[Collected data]
────────

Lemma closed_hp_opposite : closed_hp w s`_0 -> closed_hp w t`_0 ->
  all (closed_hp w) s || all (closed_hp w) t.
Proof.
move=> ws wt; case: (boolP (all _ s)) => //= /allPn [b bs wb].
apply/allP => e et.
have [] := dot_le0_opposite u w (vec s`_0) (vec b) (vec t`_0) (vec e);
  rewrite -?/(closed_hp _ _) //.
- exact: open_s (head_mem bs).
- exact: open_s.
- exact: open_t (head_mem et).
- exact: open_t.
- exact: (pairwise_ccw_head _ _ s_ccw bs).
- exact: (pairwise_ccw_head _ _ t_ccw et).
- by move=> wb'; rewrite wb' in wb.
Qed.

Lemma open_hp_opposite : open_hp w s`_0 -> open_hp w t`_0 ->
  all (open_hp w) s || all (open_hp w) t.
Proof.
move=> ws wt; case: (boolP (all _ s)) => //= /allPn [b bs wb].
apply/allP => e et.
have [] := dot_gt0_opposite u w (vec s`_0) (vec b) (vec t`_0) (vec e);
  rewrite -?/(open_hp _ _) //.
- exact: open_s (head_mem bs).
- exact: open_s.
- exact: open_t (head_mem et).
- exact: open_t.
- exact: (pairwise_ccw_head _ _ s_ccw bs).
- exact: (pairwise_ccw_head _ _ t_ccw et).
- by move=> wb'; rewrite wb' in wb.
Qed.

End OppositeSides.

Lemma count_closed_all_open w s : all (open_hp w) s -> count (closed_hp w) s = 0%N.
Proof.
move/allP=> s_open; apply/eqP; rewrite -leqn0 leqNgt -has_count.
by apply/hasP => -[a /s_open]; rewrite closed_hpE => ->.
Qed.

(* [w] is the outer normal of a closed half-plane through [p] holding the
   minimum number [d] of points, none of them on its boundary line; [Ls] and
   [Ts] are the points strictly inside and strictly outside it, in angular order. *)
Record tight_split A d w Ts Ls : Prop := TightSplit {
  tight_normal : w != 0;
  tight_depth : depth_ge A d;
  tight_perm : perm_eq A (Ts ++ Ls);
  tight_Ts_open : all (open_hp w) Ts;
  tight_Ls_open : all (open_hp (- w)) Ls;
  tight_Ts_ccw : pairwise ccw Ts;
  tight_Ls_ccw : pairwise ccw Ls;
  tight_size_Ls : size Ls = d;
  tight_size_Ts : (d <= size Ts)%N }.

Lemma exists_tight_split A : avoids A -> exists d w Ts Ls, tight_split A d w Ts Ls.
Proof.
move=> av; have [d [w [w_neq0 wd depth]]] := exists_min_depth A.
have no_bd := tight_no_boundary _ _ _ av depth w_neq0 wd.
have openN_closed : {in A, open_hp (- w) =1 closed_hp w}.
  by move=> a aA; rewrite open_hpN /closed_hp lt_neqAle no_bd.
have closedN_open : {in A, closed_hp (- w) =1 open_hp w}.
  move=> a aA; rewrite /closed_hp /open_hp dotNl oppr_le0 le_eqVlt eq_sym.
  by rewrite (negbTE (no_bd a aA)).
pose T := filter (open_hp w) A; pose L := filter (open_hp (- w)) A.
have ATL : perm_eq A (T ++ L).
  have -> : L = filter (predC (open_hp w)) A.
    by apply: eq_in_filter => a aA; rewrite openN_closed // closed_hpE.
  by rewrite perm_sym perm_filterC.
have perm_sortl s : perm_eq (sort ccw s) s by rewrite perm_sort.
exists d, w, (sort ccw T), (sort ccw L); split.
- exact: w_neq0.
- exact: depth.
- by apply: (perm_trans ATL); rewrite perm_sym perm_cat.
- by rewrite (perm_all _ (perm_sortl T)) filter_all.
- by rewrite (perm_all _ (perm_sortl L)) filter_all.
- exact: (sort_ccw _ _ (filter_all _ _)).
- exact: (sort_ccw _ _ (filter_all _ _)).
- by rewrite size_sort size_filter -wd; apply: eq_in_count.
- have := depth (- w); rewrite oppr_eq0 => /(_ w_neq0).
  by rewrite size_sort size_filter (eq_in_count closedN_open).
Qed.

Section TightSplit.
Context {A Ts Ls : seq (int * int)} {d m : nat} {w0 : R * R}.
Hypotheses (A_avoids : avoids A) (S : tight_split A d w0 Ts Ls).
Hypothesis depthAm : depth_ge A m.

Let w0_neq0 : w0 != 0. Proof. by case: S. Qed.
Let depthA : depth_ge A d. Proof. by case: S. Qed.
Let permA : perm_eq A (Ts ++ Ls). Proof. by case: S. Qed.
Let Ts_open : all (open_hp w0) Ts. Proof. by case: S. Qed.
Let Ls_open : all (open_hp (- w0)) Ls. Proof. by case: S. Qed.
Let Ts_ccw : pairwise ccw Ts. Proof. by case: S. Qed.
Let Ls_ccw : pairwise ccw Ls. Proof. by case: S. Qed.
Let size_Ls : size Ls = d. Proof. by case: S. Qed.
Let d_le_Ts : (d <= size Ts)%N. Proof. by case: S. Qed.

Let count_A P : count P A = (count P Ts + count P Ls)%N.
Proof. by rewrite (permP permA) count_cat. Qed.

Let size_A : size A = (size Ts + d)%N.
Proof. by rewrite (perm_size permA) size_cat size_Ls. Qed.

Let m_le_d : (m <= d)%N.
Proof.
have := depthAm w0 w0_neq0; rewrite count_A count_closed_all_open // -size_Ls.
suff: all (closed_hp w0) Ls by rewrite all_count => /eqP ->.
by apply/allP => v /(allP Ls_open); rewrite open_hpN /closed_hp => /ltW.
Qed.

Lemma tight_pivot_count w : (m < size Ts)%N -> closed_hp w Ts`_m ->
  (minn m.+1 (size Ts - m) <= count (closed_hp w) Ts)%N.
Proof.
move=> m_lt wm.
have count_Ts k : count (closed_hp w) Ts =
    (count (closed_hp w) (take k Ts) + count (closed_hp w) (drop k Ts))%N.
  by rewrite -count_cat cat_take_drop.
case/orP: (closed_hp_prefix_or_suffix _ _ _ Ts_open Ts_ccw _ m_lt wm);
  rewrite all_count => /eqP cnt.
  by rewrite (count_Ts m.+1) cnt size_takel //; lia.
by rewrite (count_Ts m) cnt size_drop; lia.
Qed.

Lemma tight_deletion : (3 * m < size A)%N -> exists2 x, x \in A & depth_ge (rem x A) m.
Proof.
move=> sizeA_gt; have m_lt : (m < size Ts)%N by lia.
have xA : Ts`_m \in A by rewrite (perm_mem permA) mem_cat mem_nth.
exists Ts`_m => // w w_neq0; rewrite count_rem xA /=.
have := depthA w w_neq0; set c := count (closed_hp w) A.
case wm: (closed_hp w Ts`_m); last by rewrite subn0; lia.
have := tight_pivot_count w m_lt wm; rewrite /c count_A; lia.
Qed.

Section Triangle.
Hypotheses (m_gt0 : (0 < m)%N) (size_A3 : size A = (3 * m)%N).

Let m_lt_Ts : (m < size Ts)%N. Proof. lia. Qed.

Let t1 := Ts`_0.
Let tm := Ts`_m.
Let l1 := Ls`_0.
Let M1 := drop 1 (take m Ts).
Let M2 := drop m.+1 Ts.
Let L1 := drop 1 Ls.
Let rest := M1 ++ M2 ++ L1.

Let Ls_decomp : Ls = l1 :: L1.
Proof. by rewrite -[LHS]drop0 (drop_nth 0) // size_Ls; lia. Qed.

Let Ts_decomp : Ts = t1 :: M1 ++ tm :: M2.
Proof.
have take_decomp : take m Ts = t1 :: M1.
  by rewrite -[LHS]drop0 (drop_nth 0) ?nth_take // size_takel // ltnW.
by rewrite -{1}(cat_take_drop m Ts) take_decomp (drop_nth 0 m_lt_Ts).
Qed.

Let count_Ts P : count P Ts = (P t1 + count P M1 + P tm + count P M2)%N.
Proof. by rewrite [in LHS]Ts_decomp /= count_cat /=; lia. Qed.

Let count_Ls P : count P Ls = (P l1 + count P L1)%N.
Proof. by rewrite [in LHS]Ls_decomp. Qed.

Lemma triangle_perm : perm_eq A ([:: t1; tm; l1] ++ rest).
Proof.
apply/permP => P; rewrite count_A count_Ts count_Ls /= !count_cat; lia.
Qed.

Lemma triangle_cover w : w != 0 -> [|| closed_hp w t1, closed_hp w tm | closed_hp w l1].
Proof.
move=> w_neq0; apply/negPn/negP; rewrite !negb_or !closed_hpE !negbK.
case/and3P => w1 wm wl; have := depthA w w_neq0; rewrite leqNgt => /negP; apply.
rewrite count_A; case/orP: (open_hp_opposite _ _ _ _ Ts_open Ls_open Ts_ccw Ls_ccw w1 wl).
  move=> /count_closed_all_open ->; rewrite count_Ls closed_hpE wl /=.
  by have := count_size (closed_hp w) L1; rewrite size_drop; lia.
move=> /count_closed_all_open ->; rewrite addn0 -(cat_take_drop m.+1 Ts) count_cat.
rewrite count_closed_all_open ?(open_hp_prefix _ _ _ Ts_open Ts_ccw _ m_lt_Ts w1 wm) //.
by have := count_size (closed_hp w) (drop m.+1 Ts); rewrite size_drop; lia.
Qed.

────────

● Exercise brief
Copy, exactly and only, the lines above that begin with the one containing "tight_normal : w != 0;" and finish with the one containing "by rewrite (negbTE (no_bd a aA)).".

● Expected output
  tight_normal : w != 0;
  tight_depth : depth_ge A d;
  tight_perm : perm_eq A (Ts ++ Ls);
  tight_Ts_open : all (open_hp w) Ts;
  tight_Ls_open : all (open_hp (- w)) Ls;
  tight_Ts_ccw : pairwise ccw Ts;
  tight_Ls_ccw : pairwise ccw Ls;
  tight_size_Ls : size Ls = d;
  tight_size_Ts : (d <= size Ts)%N }.

Lemma exists_tight_split A : avoids A -> exists d w Ts Ls, tight_split A d w Ts Ls.
Proof.
move=> av; have [d [w [w_neq0 wd depth]]] := exists_min_depth A.
have no_bd := tight_no_boundary _ _ _ av depth w_neq0 wd.
have openN_closed : {in A, open_hp (- w) =1 closed_hp w}.
  by move=> a aA; rewrite open_hpN /closed_hp lt_neqAle no_bd.
have closedN_open : {in A, closed_hp (- w) =1 open_hp w}.
  move=> a aA; rewrite /closed_hp /open_hp dotNl oppr_le0 le_eqVlt eq_sym.
  by rewrite (negbTE (no_bd a aA)).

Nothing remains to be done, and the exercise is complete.